Collected data:
======

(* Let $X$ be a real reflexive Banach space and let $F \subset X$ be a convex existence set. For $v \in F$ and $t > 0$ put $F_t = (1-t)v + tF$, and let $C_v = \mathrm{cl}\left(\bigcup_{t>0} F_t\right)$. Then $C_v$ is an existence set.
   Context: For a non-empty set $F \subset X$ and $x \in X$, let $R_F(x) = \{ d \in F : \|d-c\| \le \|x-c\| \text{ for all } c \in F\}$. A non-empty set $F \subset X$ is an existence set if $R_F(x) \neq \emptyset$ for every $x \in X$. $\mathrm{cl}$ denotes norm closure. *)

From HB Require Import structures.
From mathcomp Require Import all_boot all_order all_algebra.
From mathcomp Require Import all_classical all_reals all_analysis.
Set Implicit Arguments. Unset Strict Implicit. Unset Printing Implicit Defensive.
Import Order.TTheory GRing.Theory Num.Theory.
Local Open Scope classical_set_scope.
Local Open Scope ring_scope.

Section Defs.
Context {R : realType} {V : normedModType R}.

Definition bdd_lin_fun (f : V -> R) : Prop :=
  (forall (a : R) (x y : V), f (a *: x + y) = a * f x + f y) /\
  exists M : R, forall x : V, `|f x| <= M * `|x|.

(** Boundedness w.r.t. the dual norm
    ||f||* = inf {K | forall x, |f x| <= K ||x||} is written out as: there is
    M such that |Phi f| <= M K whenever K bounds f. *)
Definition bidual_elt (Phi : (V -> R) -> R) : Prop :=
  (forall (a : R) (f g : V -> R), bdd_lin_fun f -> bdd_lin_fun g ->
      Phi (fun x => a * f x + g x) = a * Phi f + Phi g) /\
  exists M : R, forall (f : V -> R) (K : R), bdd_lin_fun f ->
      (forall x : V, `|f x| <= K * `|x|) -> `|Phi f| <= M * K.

======

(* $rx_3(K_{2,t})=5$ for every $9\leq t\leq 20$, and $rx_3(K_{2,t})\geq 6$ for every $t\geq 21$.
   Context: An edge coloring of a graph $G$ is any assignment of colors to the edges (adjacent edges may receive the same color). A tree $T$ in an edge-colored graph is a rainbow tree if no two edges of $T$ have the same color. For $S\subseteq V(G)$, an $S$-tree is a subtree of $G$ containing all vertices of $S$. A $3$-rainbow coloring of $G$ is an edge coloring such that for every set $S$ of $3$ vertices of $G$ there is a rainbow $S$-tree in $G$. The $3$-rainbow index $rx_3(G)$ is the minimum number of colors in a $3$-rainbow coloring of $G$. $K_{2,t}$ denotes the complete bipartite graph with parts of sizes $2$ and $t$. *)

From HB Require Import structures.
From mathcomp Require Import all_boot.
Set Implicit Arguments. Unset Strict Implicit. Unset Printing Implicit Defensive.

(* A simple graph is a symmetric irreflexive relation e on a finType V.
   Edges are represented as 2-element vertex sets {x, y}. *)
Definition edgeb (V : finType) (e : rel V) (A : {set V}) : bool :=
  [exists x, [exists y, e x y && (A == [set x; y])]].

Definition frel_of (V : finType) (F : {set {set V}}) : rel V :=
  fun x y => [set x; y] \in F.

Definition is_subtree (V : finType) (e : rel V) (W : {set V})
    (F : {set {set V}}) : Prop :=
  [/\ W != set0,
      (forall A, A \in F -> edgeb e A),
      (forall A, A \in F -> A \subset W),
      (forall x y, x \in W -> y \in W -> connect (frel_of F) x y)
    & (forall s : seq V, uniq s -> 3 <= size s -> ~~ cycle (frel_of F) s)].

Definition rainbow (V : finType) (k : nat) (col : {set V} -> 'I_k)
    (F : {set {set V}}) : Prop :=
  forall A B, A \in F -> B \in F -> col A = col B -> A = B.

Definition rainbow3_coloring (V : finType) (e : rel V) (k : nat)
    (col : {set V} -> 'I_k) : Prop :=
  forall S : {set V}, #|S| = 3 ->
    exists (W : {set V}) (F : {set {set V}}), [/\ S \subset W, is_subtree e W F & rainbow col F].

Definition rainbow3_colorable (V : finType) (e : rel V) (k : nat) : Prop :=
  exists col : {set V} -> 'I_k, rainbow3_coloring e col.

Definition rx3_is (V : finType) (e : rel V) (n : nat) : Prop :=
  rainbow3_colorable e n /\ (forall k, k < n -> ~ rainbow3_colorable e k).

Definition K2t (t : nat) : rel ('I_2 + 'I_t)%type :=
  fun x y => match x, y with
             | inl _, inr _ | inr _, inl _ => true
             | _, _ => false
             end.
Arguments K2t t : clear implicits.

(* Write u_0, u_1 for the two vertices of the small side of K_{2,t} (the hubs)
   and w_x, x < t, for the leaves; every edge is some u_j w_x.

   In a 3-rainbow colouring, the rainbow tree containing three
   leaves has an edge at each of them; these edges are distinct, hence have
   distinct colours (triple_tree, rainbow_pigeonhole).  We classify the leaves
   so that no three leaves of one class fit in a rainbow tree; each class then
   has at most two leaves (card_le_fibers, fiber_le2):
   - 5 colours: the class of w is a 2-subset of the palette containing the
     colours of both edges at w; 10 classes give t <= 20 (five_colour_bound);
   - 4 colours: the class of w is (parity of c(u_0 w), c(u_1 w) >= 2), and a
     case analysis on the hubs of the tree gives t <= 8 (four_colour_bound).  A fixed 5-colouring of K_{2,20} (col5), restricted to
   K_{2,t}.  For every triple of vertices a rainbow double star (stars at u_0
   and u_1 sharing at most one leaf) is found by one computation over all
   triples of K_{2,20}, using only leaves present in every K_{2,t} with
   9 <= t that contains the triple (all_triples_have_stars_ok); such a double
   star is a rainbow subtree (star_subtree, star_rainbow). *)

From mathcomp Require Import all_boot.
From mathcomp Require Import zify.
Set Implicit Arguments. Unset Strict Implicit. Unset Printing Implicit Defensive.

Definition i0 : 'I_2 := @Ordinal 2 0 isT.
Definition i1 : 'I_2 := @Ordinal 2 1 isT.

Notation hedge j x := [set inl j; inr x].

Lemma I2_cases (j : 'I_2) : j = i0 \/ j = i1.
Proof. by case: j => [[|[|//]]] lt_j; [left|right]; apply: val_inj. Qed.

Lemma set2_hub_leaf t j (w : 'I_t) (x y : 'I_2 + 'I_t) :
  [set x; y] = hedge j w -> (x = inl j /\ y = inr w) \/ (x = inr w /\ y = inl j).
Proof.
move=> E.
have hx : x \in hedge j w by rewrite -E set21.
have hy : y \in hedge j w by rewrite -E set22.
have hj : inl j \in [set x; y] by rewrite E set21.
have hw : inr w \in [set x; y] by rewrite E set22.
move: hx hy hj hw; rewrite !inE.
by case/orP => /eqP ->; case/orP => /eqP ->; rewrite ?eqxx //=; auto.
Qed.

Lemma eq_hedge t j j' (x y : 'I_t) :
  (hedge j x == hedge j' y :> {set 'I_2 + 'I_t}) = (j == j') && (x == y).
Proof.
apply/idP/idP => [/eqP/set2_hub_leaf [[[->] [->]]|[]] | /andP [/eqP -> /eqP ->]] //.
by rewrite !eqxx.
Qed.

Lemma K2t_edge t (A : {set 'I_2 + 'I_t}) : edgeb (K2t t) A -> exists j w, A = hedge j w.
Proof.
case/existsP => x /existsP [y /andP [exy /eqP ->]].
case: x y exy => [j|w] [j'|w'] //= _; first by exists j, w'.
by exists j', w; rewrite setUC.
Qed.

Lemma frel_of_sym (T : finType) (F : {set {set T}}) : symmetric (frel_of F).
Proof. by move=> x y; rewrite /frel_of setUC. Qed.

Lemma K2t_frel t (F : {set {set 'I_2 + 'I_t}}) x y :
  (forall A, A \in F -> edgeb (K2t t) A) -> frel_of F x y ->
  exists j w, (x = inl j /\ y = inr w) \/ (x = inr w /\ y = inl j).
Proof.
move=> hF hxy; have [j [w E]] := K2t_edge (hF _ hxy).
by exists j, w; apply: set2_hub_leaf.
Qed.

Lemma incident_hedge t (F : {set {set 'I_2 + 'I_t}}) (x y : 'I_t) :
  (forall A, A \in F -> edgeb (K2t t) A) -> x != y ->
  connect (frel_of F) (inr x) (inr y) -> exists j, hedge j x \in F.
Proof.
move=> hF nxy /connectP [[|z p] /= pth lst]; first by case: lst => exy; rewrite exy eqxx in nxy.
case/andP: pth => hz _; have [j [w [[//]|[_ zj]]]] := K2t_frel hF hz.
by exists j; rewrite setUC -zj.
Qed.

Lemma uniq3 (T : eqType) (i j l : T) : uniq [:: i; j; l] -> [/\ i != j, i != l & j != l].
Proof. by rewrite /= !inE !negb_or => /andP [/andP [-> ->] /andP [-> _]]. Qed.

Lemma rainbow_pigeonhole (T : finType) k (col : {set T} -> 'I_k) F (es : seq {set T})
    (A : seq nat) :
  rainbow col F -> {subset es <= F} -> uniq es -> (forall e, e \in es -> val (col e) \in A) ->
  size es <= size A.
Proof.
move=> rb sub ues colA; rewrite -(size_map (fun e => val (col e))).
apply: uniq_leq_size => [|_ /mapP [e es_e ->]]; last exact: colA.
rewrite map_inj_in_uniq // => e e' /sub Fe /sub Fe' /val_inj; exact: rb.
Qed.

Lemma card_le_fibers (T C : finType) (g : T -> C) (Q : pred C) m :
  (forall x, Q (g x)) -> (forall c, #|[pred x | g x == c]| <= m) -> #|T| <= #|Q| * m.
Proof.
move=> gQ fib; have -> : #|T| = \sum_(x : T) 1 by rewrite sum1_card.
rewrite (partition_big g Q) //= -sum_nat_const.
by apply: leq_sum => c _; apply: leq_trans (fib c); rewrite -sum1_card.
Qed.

======

■ Exercise brief
Transcribe the records above exactly, beginning at the line that contains "(* Let $X$ be" and ending with the line that contains "Definition bidual_elt (Phi", both included, and nothing else.

■ Written response
(* Let $X$ be a real reflexive Banach space and let $F \subset X$ be a convex existence set. For $v \in F$ and $t > 0$ put $F_t = (1-t)v + tF$, and let $C_v = \mathrm{cl}\left(\bigcup_{t>0} F_t\right)$. Then $C_v$ is an existence set.
   Context: For a non-empty set $F \subset X$ and $x \in X$, let $R_F(x) = \{ d \in F : \|d-c\| \le \|x-c\| \text{ for all } c \in F\}$. A non-empty set $F \subset X$ is an existence set if $R_F(x) \neq \emptyset$ for every $x \in X$. $\mathrm{cl}$ denotes norm closure. *)

From HB Require Import structures.
From mathcomp Require Import all_boot all_order all_algebra.
From mathcomp Require Import all_classical all_reals all_analysis.
Set Implicit Arguments. Unset Strict Implicit. Unset Printing Implicit Defensive.
Import Order.TTheory GRing.Theory Num.Theory.
Local Open Scope classical_set_scope.
Local Open Scope ring_scope.

Section Defs.
Context {R : realType} {V : normedModType R}.

Definition bdd_lin_fun (f : V -> R) : Prop :=
  (forall (a : R) (x y : V), f (a *: x + y) = a * f x + f y) /\
  exists M : R, forall x : V, `|f x| <= M * `|x|.

(** Boundedness w.r.t. the dual norm
    ||f||* = inf {K | forall x, |f x| <= K ||x||} is written out as: there is
    M such that |Phi f| <= M K whenever K bounds f. *)
Definition bidual_elt (Phi : (V -> R) -> R) : Prop :=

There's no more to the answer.